Former Columbia city councilman pleads guilty to tax charges - wistv.com - Columbia, South Carolina

Former Columbia city councilman pleads guilty to tax charges

Former councilman Brian DeQuincey Newman turned himself in Tuesday morning. Former councilman Brian DeQuincey Newman turned himself in Tuesday morning.
Councilman Kelvin Washington also turned himself in on Tuesday. Councilman Kelvin Washington also turned himself in on Tuesday.
RICHLAND COUNTY, SC (WIS) -

Two Midlands politicians have turned themselves in on charges that arose during a separate South Carolina Department of Revenue investigation into administration of the Penny Transportation Tax.

Former Columbia City Councilman Brian DeQuincey Newman turned himself into the Alvin S. Glenn Detention Center Tuesday morning. The SC Department of Revenue stated that Newman is charged with two counts of failure to file a tax return for 2012 and 2013, and failed to report approximately $201,179 of his income.

"Brian admitted that he made a mistake. I mean we all do that," attorney Bakari Sellers said. "You may say we all do our taxes but we also make mistakes. And one of the things that Pete and I had to do was put our client in the best possible situation. When he found out about it we turned him in, he wanted to take full responsibility so we pled him today and he's ready to move on with his life."

Current Richland County Councilman Kelvin Washington also turned himself in and was charged with three counts of willful failure to file a tax return. Washington reportedly failed to file state tax returns for 2012, 2013, and 2014, failing to report a total of $426,776 of income during those years. 

Both appeared in bond hearings Tuesday morning and both were released on personal recognizance bonds. 

Washington was given a $15,000 bond and was immediately free to go because he has no criminal record and was not deemed a flight risk. 

Newman, who was flanked by three attorneys -- including Sellers -- was released on a $10,000 bond.
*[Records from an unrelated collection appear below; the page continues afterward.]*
(* The points z with (z - x).2.1 in a given orthant e of the cube of radius 2 r
   lie in the translate by x + center e of the cylinder of radius r. *)
Lemma translate_count_le_box2 L K W (r : R) N : 0 <= r ->
  translate_count_le L (K `*` (box r `*` W)) N ->
  translate_count_le L (K `*` (box (2 * r) `*` W)) (2 ^ d * N).
Proof.
move=> r_ge0 countN x s us sLS.
pose orthant (z : X) : {ffun 'I_d -> bool} := [ffun i => 0 <= (z - x).2.1 ord0 i].
pose center (e : {ffun 'I_d -> bool}) : X := (0, (\row_i (if e i then r else - r), 0)).
rewrite -sum1_size (partition_big orthant xpredT) //=.
have -> : (2 ^ d * N = \sum_(e : {ffun 'I_d -> bool}) N)%N.
  by rewrite sum_nat_const card_ffun card_bool card_ord.
apply: leq_sum => e _; rewrite sum1_count -size_filter.
apply: (countN (x + center e)); first exact: filter_uniq.
move=> z; rewrite mem_filter => /andP [/eqP <- zs].
have [Lz [Kz [Bz Wz]]] := sLS z zs; split => //.
rewrite /= !addr0 opprD !addrA; split => //; split => // i.
have := Bz i; change (z - x).2.1 with (z.2.1 - x.2.1).
rewrite !mxE /orthant ffunE !mxE; set u := _ - x.2.1 ord0 i.
by case: ifP => u_ge0; rewrite !ler_norml => /andP [? ?]; apply/andP; split; lra.
Qed.

Lemma translate_count_le_box_pow2 L K W N :
  translate_count_le L (K `*` (box 1 `*` W)) N ->
  forall j, translate_count_le L (K `*` (box (2 ^+ j) `*` W)) ((2 ^ d) ^ j * N).
Proof.
move=> countN; elim=> [|j IH]; first by rewrite expr0 expn0 mul1n.
by rewrite exprS expnS -mulnA; apply: translate_count_le_box2; rewrite ?exprn_ge0.
Qed.

Lemma sum_decay_lattice_le L K W N (x : X) (s : seq X) :
  translate_count_le L (K `*` (box 1 `*` W)) N -> uniq s ->
  (forall z, z \in s -> [/\ L z, K (z - x).1 & W (z - x).2.2]) ->
  \sum_(z <- s) decay (z - x).2.1 <= N%:R * (1 + 2 * 2 ^+ d).
Proof.
move=> countN us sLKW; rewrite -(big_map (fun z => (z - x).2.1) xpredT (@decay R d)).
apply: sum_decay_le => j; rewrite count_map -size_filter.
apply: (translate_count_le_box_pow2 countN (x := x)); first exact: filter_uniq.
move=> z; rewrite mem_filter => /andP [/set_mem Bz zs].
by have [Lz Kz Wz] := sLKW z zs.
Qed.
End LatticePointsInCylinders.

Section TensorEstimate.
Variables (R : realType) (d : nat) (G H1 : topologicalZmodType).
Local Notation X := (G * ('rV[R]_d * H1))%type.
Implicit Types (L : set X) (K : set G) (W : set H1).
Variables (phire phiim : 'rV[R]_d -> R) (psire psiim : H1 -> R).
Local Notation h := (tensor_abs phire phiim psire psiim).

Lemma sum_tensor_abs_le L K W N (p q : R) (t : G) (s : seq X) :
  translate_count_le L (K `*` (box 1 `*` W)) N -> csupp psire psiim `<=` W ->
  0 <= p -> 0 <= q -> uniq s -> (forall z, z \in s -> L z /\ K (z.1 - t)) ->
  (forall z, z \in s -> cmod (psire z.2.2) (psiim z.2.2) <= p) ->
  (forall z, z \in s -> cmod ((1 + eucl2 z.2.1 ^+ d) * phire z.2.1)
                             ((1 + eucl2 z.2.1 ^+ d) * phiim z.2.1) <= q) ->
  \sum_(z <- s) h z.2 <= N%:R * (1 + 2 * 2 ^+ d) * (p * q).
Proof.
move=> countN suppW p_ge0 q_ge0 us sLK psi_le phi_le.
apply: (@le_trans _ _ (\sum_(z <- s | `[< W z.2.2 >]) p * q * decay z.2.1)).
  rewrite [leRHS]big_mkcond big_seq [leRHS]big_seq; apply: ler_sum => z zs /=.
  have [Wz | nWz] := asboolP (W z.2.2).
    rewrite /tensor_abs cmod_decay -mulrA mulrC [p * q]mulrC.
    rewrite ler_wpM2r ?decay_ge0 //.
    by rewrite ler_pM ?cmod_ge0 ?phi_le ?psi_le.
  have [psire0 psiim0] := csupp_zero (contra_not (@suppW z.2.2) nWz).
  by rewrite /tensor_abs psire0 psiim0 cmod00 mulr0.
rewrite -big_filter -mulr_sumr [leRHS]mulrC ler_wpM2l ?mulr_ge0 //.
pose x : X := (t, (0, 0)).
have x_shift (z : X) : (z - x).2.1 = z.2.1 := subr0 z.2.1.
under eq_bigr => z _ do rewrite -x_shift.
apply: (sum_decay_lattice_le (x := x) countN (filter_uniq _ us)).
move=> z; rewrite mem_filter => /andP [/asboolP Wz zs].
by have [Lz Kz] := sLK z zs; split => //; rewrite [(z - x).2.2]subr0.
Qed.

Lemma omega_normK_le L K W N :
  translate_count_le L (K `*` (box 1 `*` W)) N -> csupp psire psiim `<=` W ->
  (omega_normK L h K
   <= (N%:R * (1 + 2 * 2 ^+ d))%:E * csup_norm psire psiim
        * csup_norm (fun x => ((1 + eucl2 x ^+ d) * phire x)%R)
                    (fun x => ((1 + eucl2 x ^+ d) * phiim x)%R))%E.
Proof.
move=> countN suppW.
set P := csup_norm _ _; set Q := csup_norm _ _.
have P_ge0 : (0 <= P)%E := csup_norm_ge0 _ _ 0.
have Q_ge0 : (0 <= Q)%E := csup_norm_ge0 _ _ 0.
apply/ereal_supP => _ [t _ <-]; apply: esum_le_seq => s us sLK.
have [p [p_ge0 psi_le pP]] : exists p, [/\ 0 <= p,
    forall z, z \in s -> cmod (psire z.2.2) (psiim z.2.2) <= p & (p%:E <= P)%E].
  by apply: ereal_bound_seq => // z _; exact: csup_norm_ub.
have [q [q_ge0 phi_le qQ]] : exists q, [/\ 0 <= q,
    forall z, z \in s -> cmod ((1 + eucl2 z.2.1 ^+ d) * phire z.2.1)
                               ((1 + eucl2 z.2.1 ^+ d) * phiim z.2.1) <= q
    & (q%:E <= Q)%E].
  by apply: ereal_bound_seq => // z _; exact: csup_norm_ub.
apply: (@le_trans _ _ ((N%:R * (1 + 2 * 2 ^+ d) * (p * q))%:E)).
  rewrite lee_fin (sum_tensor_abs_le (t := t) countN) // => z /sLK [Lz [k Kk <-]].
  by rewrite addrC addKr.
rewrite -muleA !EFinM lee_pmul ?lee_fin ?mulr_ge0 ?ler0n ?addr_ge0 ?exprn_ge0 //.
by rewrite lee_pmul ?lee_fin.
Qed.
End TensorEstimate.

Lemma omega_abs_le_normK (R : realType) (G : zmodType) (H : choiceType)
  (L : set (G * H)) (h : H -> R) (K : set G) :
  (omega_abs L h K <= omega_normK L h K)%E.
Proof.
apply: ereal_sup_ubound; exists 0 => //; congr omega_abs.
apply/seteqP; split => [_ [k Kk <-] | k Kk]; first by rewrite add0r.
by exists k; rewrite ?add0r.
Qed.

Lemma lattice_translate_count (R : realType) (d : nat) (G H1 : topologicalZmodType)
  (L : set (G * ('rV[R]_d * H1))) (K : set G) (W : set H1) :
  lattice_in (@nbhs _ (G * ('rV[R]_d * H1))%type)
             (@compact (G * ('rV[R]_d * H1))%type) L ->
  compact K -> compact W -> exists N, translate_count_le L (K `*` (box 1 `*` W)) N.
Proof.
case=> L0 subL discrL _ cK cW; have [U [U0 UL0]] := discrL 0 L0.
have cS : compact (K `*` (box 1 `*` W) : set (G * ('rV[R]_d * H1))).
  exact: compact_setX cK (compact_setX (@box_compact _ _ 1) cW).
exact: (@discrete_translate_count (tzprod G (tzprod 'rV[R]_d H1)) L U U0 UL0 subL _ cS).
Qed.

Theorem lemma5p2 (R : realType) (d : nat) (G H1 : topologicalZmodType)
  (Lat : set (G * ('rV[R]_d * H1))) :
  cut_and_project_scheme Lat ->
  (* (i) omega_{phi (x) psi} is a measure *)
  (forall (phire phiim : 'rV[R]_d -> R) (psire psiim : H1 -> R),
     schwartz phire phiim -> Cc psire psiim ->
     forall K : set G, compact K ->
       (omega_abs Lat (tensor_abs phire phiim psire psiim) K < +oo)%E)
  /\
  (* (ii) uniform estimate *)
  (forall (K : set G) (W : set H1), compact K -> compact W ->
     exists C : R,
       forall (phire phiim : 'rV[R]_d -> R) (psire psiim : H1 -> R),
         schwartz phire phiim -> Cc psire psiim ->
         csupp psire psiim `<=` W ->
         (omega_normK Lat (tensor_abs phire phiim psire psiim) K
          <= C%:E * csup_norm psire psiim
               * csup_norm (fun x => ((1 + eucl2 x ^+ d) * phire x)%R)
                           (fun x => ((1 + eucl2 x ^+ d) * phiim x)%R))%E).
Proof.
case=> _ _ latL _ _; split => [phire phiim psire psiim Sphi Cpsi K cK | K W cK cW].
  have [_ _ cW] := Cpsi.
  have [N countN] := lattice_translate_count latL cK cW.
  have [Mpsi psi_le] := Cc_bounded Cpsi.
  have [Mphi phi_le] := schwartz_weighted_bounded Sphi.
  apply: le_lt_trans (le_trans (@omega_abs_le_normK _ _ _ Lat _ K)
                       (omega_normK_le _ _ countN (@subset_refl _ _))) _.
  by rewrite ltey_eq !fin_numM ?(csup_norm_fin_num 0 psi_le)
             ?(csup_norm_fin_num 0 phi_le).
have [N countN] := lattice_translate_count latL cK cW.
by exists (N%:R * (1 + 2 * 2 ^+ d)) => phire phiim psire psiim _ _; exact: omega_normK_le.
Qed.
He appeared in court on Tuesday and plead guilty to the charges. He received no jail time. Instead, Newman was sentenced to years probation suspended to six months once he pays almost $11,000 in back taxes and court costs. 

"These are personal tax issues, nothing to do with the penny tax. This is not a penny tax issue," Sellers said. "He did not violate the public trust."

Newman released a statement saying he has cooperated with the Department of Revenue and that he takes full responsibility for his actions and that he did not "jeopardize the integrity" of his position on council.

"I recognize the gravity of my mistake and plan to do everything in my power to make this right and to avoid making mistakes in the future," the statement said.

Last month the Department of Revenue notified county leaders of the results of an audit of the Richland County Penny Tax Program and found "multiple instances of illegal activity by individuals and/or companies associated with the Penny Program." County Council leaders say they needed clarification from the DOR on some of the findings.  

The review brought up three areas of concern: the procurement of the Project Development team, which, according to the letter, "raises questions of potential public corruption and fraud;" several instances of illegal activity by people and companies associated with the program; and certain expenditures that fall outside state and county law.

Richland County voters narrowly approved the controversial penny tax in 2012 to fund various transportation-related projects countywide

The DOR did not name names that are the continued focus of their investigation, but says that investigation is within the scope of the department's mission. Other matters alleged by DOR are not and, for that reason, SLED has been involved in this investigation.

The DOR cites improper payment of more than $619,000 for services through the county's Small Local Business Enterprise program. The DOR says that spending is not specifically for transportation projects as required by law.

The investigation included questionable spending of as much $3 million to hire two PR firms to handle public information about penny projects over a 5-year period.

As of Nov. 19 more than $68.2 million had been spent under the penny tax program.

Richland County Council released a statement on the matter saying they will continue to cooperate with DOR's investigation and that Washington will be "dealt with by the proper authorities."

"If there is any required action by Richland County Council, we are prepared to call a meeting and act accordingly," the statement said.

Neither Washington or Newman have been directly charged in the investigation into the tax program.